Tra testimonianze varie di influencer (un altro caso più recente a Firenze, che risale a fine novembre, ha visto una influencer di Firenze utilizzare taxi per provare vari locali di mixology trovandosi sempre di fronte a problemi volendo pagare col POS), l’esperienza di personaggi rinomati (tra cui anche Mark Lowen, giornalista della BBC che si è lamentato di essere stato truffato a Fiumicino) e le scuse dei tassisti che si dissociano da questo tipo di comportamenti, la situazione deve sicuramente essere regolamentata in un modo che valga per tutti e tocca ai comuni e alle associazioni mettersi a tavolini per trovare un compromesso. Compromesso che, poi, i singoli tassisti saranno tenuti a rispettare (venendo segnalati e subendo le giuste conseguenze qualora non lo facessero).
L’ultimo e più recente caso – una denuncia che risale alla giornata di ieri – arriva da Silvia Salis, vicepresidente vicaria del Coni, che ha raccontato della sua esperienza negativa provando a pagare con il POS un taxi a Genova.
Trovandoci a Termini, abbiamo scelto di recarci lì dove si attendono i taxi e – percorrendo la lunga fila di macchine in coda pronte per iniziare la corsa – abbiamo provato a parlare con qualche tassista romano.

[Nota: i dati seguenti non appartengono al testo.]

(* Let $\mathcal{Y}$ be finite (with the discrete topology) and let $\Gamma\colon\Delta(\mathcal{Y})\to2^{\mathcal{V}}$ be a property identified by $\nu$. For every $\gamma\in\mathcal{V}$ with $\Gamma^{-1}(\gamma)\ne\emptyset$, $$\{g\in C(\mathcal{Y}):g\le\alpha\nu_\gamma\text{ for some }\alpha\in\mathbb{R}\}=\mathcal{G}_{\Gamma^{-1}(\gamma)},$$ i.e. no closure is needed.
   Context: For finite $\mathcal{Y}$, $C(\mathcal{Y})\cong\mathbb{R}^{\mathcal{Y}}$ with coordinatewise order, $\Delta(\mathcal{Y})$ is the probability simplex, $\mathbb{E}_\phi[f]=\sum_y\phi(y)f(y)$. Level set: $\Gamma^{-1}(\gamma)=\{\phi\in\Delta(\mathcal{Y}):\gamma\in\Gamma(\phi)\}$. A function $\nu\colon\mathcal{Y}\times\mathcal{V}\to\mathbb{R}$, $\nu_\gamma:=\nu(\cdot,\gamma)$, \emph{identifies} $\Gamma$ if for all $\phi\in\Delta(\mathcal{Y})$, $\gamma\in\mathcal{V}$: $\mathbb{E}_\phi[\nu_\gamma]=0\iff\gamma\in\Gamma(\phi)$. Available gambles: $\mathcal{G}_{\mathcal{P}}=\{g\in C(\mathcal{Y}):\sup_{\phi\in\mathcal{P}}\mathbb{E}_\phi[g]\le0\}$. *)

From mathcomp Require Import all_boot all_order all_algebra.
From mathcomp Require Import all_classical all_reals ereal.
Set Implicit Arguments. Unset Strict Implicit. Unset Printing Implicit Defensive.
Import Order.TTheory GRing.Theory Num.Theory.
Local Open Scope ring_scope.
Local Open Scope classical_set_scope.

(* Finite outcome space Y (a finType); C(Y) = Y -> R (discrete topology). *)

Definition simplex (R : realType) (Y : finType) : set (Y -> R) :=
  [set phi | (forall y, 0 <= phi y) /\ \sum_(y : Y) phi y = 1].

Definition expect (R : realType) (Y : finType) (phi f : Y -> R) : R :=
  \sum_(y : Y) phi y * f y.

Definition level_set (R : realType) (Y : finType) (V : Type)
  (Gamma : (Y -> R) -> set V) (gamma : V) : set (Y -> R) :=
  [set phi | @simplex R Y phi /\ Gamma phi gamma].

Definition identifies (R : realType) (Y : finType) (V : Type)
  (nu : Y -> V -> R) (Gamma : (Y -> R) -> set V) : Prop :=
  forall phi, @simplex R Y phi -> forall gamma : V,
    expect phi (fun y => nu y gamma) = 0 <-> Gamma phi gamma.

Definition available_gambles (R : realType) (Y : finType) (P : set (Y -> R))
  : set (Y -> R) :=
  [set g | (ereal_sup [set (expect phi g)%:E | phi in P] <= 0)%E].

(* The inclusion from left to right is immediate: [g <= alpha nu_gamma] gives
   [E_phi[g] <= alpha E_phi[nu_gamma] = 0] on the level set.  Conversely, let
   [g] have nonpositive expectation under every [phi] with
   [E_phi[nu_gamma] = 0].  Point masses at zeros of [nu_gamma] give [g <= 0]
   there, and for [nu_gamma y > 0 > nu_gamma y'] the two-point distribution
   on [y, y'] annihilating [nu_gamma] gives [g y / nu_gamma y <= g y' / nu_gamma y'].
   Any [alpha] lying between the ratios on the positive and on the negative
   part of [nu_gamma] then satisfies [g <= alpha nu_gamma]; since these are
   finitely many reals, no closure is needed. *)
From mathcomp Require Import all_boot all_order all_algebra.
From mathcomp Require Import all_classical all_reals ereal.
From mathcomp Require Import ring lra.
Set Implicit Arguments. Unset Strict Implicit. Unset Printing Implicit Defensive.
Import Order.TTheory GRing.Theory Num.Theory.
Local Open Scope ring_scope.
Local Open Scope classical_set_scope.

Section Expectation.
Variables (R : realType) (Y : finType).
Implicit Types (phi psi f g h : Y -> R) (a b : R).

Definition point_mass (y : Y) : Y -> R := fun z => (z == y)%:R.

Definition mixture a phi b psi : Y -> R := fun z => a * phi z + b * psi z.

Lemma expect_point_mass y h : expect (point_mass y) h = h y.
Proof.
rewrite /expect (bigD1 y) //= /point_mass eqxx mul1r big1 ?addr0 // => z /negbTE ->.
by rewrite mul0r.
Qed.

Lemma expect_mixture a phi b psi h :
  expect (mixture a phi b psi) h = a * expect phi h + b * expect psi h.
Proof.
rewrite /expect !mulr_sumr -big_split /=; apply: eq_bigr => z _.
by rewrite /mixture mulrDl !mulrA.
Qed.

Lemma expect_cst1 phi : expect phi (fun=> 1) = \sum_(y : Y) phi y.
Proof. by apply: eq_bigr => y _; rewrite mulr1. Qed.

Lemma simplex_point_mass y : simplex (point_mass y).
Proof.
split=> [z|]; first by rewrite ler0n.
by rewrite -expect_cst1 expect_point_mass.
Qed.

Lemma simplex_mixture a phi b psi : 0 <= a -> 0 <= b -> a + b = 1 ->
  simplex phi -> simplex psi -> simplex (mixture a phi b psi).
Proof.
move=> a0 b0 ab [phi0 phi1] [psi0 psi1]; split=> [z|].
  by apply: addr_ge0; apply: mulr_ge0.
by rewrite -expect_cst1 expect_mixture !expect_cst1 phi1 psi1 !mulr1.
Qed.

Lemma expect_le_scale_zero phi f g alpha : simplex phi ->
  (forall y, g y <= alpha * f y) -> expect phi f = 0 -> expect phi g <= 0.
Proof.
move=> [phi0 _] le_g_f phi_f; rewrite -(mulr0 alpha) -phi_f /expect mulr_sumr.
by apply: ler_sum => y _; rewrite mulrCA; apply: ler_wpM2l.
Qed.

End Expectation.

Section Domination.
Variables (R : realType) (Y : finType) (f g : Y -> R).

(* Weights proportional to [- f y'] and [f y] make the expectation of [f]
   vanish; they are nonnegative exactly when [f] changes sign from [y] to [y']. *)
Definition balanced_mass (y y' : Y) : Y -> R :=
  mixture (- f y' / (f y - f y')) (point_mass R y)
          (f y / (f y - f y')) (point_mass R y').

Lemma expect_balanced_mass y y' h : f y - f y' != 0 ->
  expect (balanced_mass y y') h = (- f y' * h y + f y * h y') / (f y - f y').
Proof.
by move=> d_neq0; rewrite expect_mixture !expect_point_mass; field.
Qed.

Section SignChange.
Variables (y y' : Y).
Hypotheses (fy_gt0 : 0 < f y) (fy'_lt0 : f y' < 0).

Let d_gt0 : 0 < f y - f y'. Proof. by rewrite subr_gt0 (lt_trans fy'_lt0). Qed.

Lemma simplex_balanced_mass : simplex (balanced_mass y y').
Proof.
apply: simplex_mixture; try exact: simplex_point_mass.
1,2: by rewrite divr_ge0 ?ltW ?oppr_gt0.
by rewrite -mulrDl addrC divff // gt_eqF.
Qed.

Lemma expect_balanced_mass_annihilates : expect (balanced_mass y y') f = 0.
Proof.
by rewrite expect_balanced_mass ?gt_eqF // mulNr (mulrC (f y)) addNr mul0r.
Qed.

Lemma le_ratio_of_balanced_mass : expect (balanced_mass y y') g <= 0 ->
  g y / f y <= g y' / f y'.
Proof.
rewrite expect_balanced_mass ?gt_eqF // pmulr_lle0 ?invr_gt0 // => le_mix.
by rewrite ler_pdivrMr // mulrAC ler_ndivlMr //; nra.
Qed.

End SignChange.

(* Taking [alpha] the largest ratio on the positive part of [f]; the default
   [- S] keeps it below every ratio on the negative part when that part is
   the only nonempty one. *)
Lemma le_scale_of_ratios :
  (forall y, f y = 0 -> g y <= 0) ->
  (forall y y', 0 < f y -> f y' < 0 -> g y / f y <= g y' / f y') ->
  exists alpha, forall y, g y <= alpha * f y.
Proof.
move=> g_zero le_ratios.
set S := \sum_(y : Y) `|g y / f y|.
exists (\big[Order.max/ - S]_(y | 0 < f y) (g y / f y)) => y.
have [fy_gt0 | fy_lt0 | fy0] := ltgtP 0 (f y).
- by rewrite -ler_pdivrMr //; exact: (le_bigmax_cond _ _ fy_gt0).
- rewrite -ler_ndivlMr //; apply: bigmax_le => [|z fz_gt0]; last exact: le_ratios.
  have : `|g y / f y| <= S by rewrite /S (bigD1 y) //= lerDl sumr_ge0.
  by move/ler_normlP => [? _]; rewrite lerNl.
- by rewrite -fy0 mulr0; exact: g_zero.
Qed.

Lemma le_scale_of_expect_annihilator :
  (forall phi, simplex phi -> expect phi f = 0 -> expect phi g <= 0) ->
  exists alpha, forall y, g y <= alpha * f y.
Proof.
move=> annih; apply: le_scale_of_ratios => [y fy0 | y y' fy_gt0 fy'_lt0].
  have := annih _ (simplex_point_mass R y).
  by rewrite !expect_point_mass; apply.
apply: le_ratio_of_balanced_mass => //; apply: annih.
  exact: simplex_balanced_mass.
exact: expect_balanced_mass_annihilates.
Qed.

End Domination.

Lemma available_gamblesP (R : realType) (Y : finType) (P : set (Y -> R)) g :
  available_gambles P g <-> forall phi, P phi -> expect phi g <= 0.
Proof.
split=> [g_avail phi Pphi | le0].
  rewrite -lee_fin; apply: le_trans g_avail.
  by apply: ereal_sup_ubound; exists phi.
by apply: ge_ereal_sup => _ [phi Pphi <-]; rewrite lee_fin le0.
Qed.

Theorem mainTheorem9 (R : realType) (Y : finType) (V : Type)
  (Gamma : (Y -> R) -> set V) (nu : Y -> V -> R) :
  identifies nu Gamma ->
  forall gamma : V, level_set Gamma gamma !=set0 ->
    [set g : Y -> R | exists alpha : R, forall y, g y <= alpha * nu y gamma]
    = available_gambles (level_set Gamma gamma).
Proof.
move=> id_nu gamma _; apply/seteqP; split=> g /=.
- move=> [alpha le_g]; apply/available_gamblesP => phi [phi_simplex Gphi].
  apply: (expect_le_scale_zero phi_simplex le_g).
  exact: (id_nu _ phi_simplex gamma).2.
- move/available_gamblesP => avail.
  apply: le_scale_of_expect_annihilator => phi phi_simplex phi_nu.
  by apply: avail; split; last exact: (id_nu _ phi_simplex gamma).1.
Qed.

Nella maggior parte dei casi l’atteggiamento – complice, probabilmente, la grande polemica social che va avanti da diverso tempo e che vede nomi come quello di Selvaggia Lucarelli in prima fila nella diffusione di contenuti – è stato di diffidenza. Soprattutto i tassisti più maturi si sono dimostrati restii anche solo a rispondere alla richiesta, seppure con un diniego.
L’intento, da parte nostra, era capire – per ognuna delle persone interpellate – se preferissero pagamenti contanti o col POS e per quali ragioni. L’unico tassista (giovane, sulla trentina) che ha accettato di rilasciare una breve dichiarazione sulla questione ha risposto ha affermato di preferire i pagamenti elettronici: «Il POS mi fa comodo, il cliente non deve prendere il resto e non deve scendere a ritirare, è tutto più veloce. I contanti sono comodi però pure il POS va bene, poi mi trovo già i soldi in banca, sempre accreditati, tutto tracciato: meglio no?».
Per capire un po’ in che modo la categoria stia recependo gli ultimi sviluppi sul POS, così come la posizione dello zoccolo duro di coloro che rifiutano i pagamenti col POS, abbiamo contattato il presidente di Federtaxi Massimo Campagnolo e siamo in attesa di una sua dichiarazione.